Why a markdown in our conviction: We believe that
risks of headwinds in the medium term have increased,
having analyzed the fallout from (a) denial of the
Niyamgiri bauxite mine to Sterlite, (b) issuance of a
“show cause” notice regarding alleged lack of approvals
for VAL’s refinery expansion, and (c) announcement of
Cairn India acquisition plans by Vedanta (Sterlite’s
parent). Per Factset, 90% of sell-side analysts have Buy
ratings and the rest have Hold – but the Street may start
getting edgy on (a) Sterlite’s capital allocation, and (b)
regulatory and procedural hurdles for Sterlite’s projects.
Our base case value is still higher than the current
stock price… Our EPS growth forecasts remain healthy
– 10% in F11, 58% in F12. This and Sterlite’s strong
volume growth and diversified product basket make us
think that P/E valuations – 8.5 xs for F12e – offer upside.
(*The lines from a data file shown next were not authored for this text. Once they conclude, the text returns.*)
Lemma leaf_closed : (forall x, open (l x)) -> forall v, closed (l v).
Proof.
move=> l_open v; rewrite lE (L_complement L_rconsP L_rcons_inj L_nil) closedC.
by apply: bigcup_open => t _; exact: l_open.
Qed.

Lemma leaf_card v : l v #= [set: set nat].
Proof. by rewrite lE; exact: (card_L L_rconsP L_rcons_inj L_nil L_path). Qed.

End BaireLeaves.

Theorem corollary5 (X : topologicalType) (N : Type) (lt : N -> N -> Prop)
    (l : N -> set X) (p : X) :
  baire_foliage_tree lt l ->
  [/\ (* (a) *)
      nonincreasing lt l /\
      (forall r, is_least lt r -> flesh l = l r) /\
      tree_height_omega lt,
      (* (b) *)
      (forall v, open (l v) /\ closed (l v) /\ l v #= [set: set nat]),
      (* (c) *)
      branch lt (scope l p)
    & (* (d) *)
      (forall n : nat, exists! v, scope l p v /\ has_height lt v n)].
Proof.
move=> [[_ [f [[g fK gK] ltE]]] l_open l_strict l_branches l_root].
split.
- split; first exact: (leaf_nonincreasing fK gK ltE l_strict).
  split; last exact: (tree_height_omega_of_iso fK gK ltE).
  move=> r /l_root lr; rewrite lr; apply/seteqP; split=> // q _.
  by exists r; rewrite ?lr.
- move=> v; split; first exact: l_open.
  split; first exact: (leaf_closed fK gK ltE l_strict l_root).
  exact: (leaf_card fK gK ltE l_strict l_branches l_root).
- exact: (scope_branch fK gK ltE l_strict l_root).
- exact: (scope_height_unique fK gK ltE l_strict l_root).
Qed.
…but catalysts for a move up have lost punch:
However, the potential catalysts (commissioning of
power plant and bauxite mine and stabilization of a new
zinc-lead smelter) that we had been expecting to bridge
the valuation gap have either played out ,have fizzled
out or are losing potency. We remove the Niyamgiri
bauxite mine, push forward VAL expansion by two years
and include the Anglo zinc acquisition in our model now.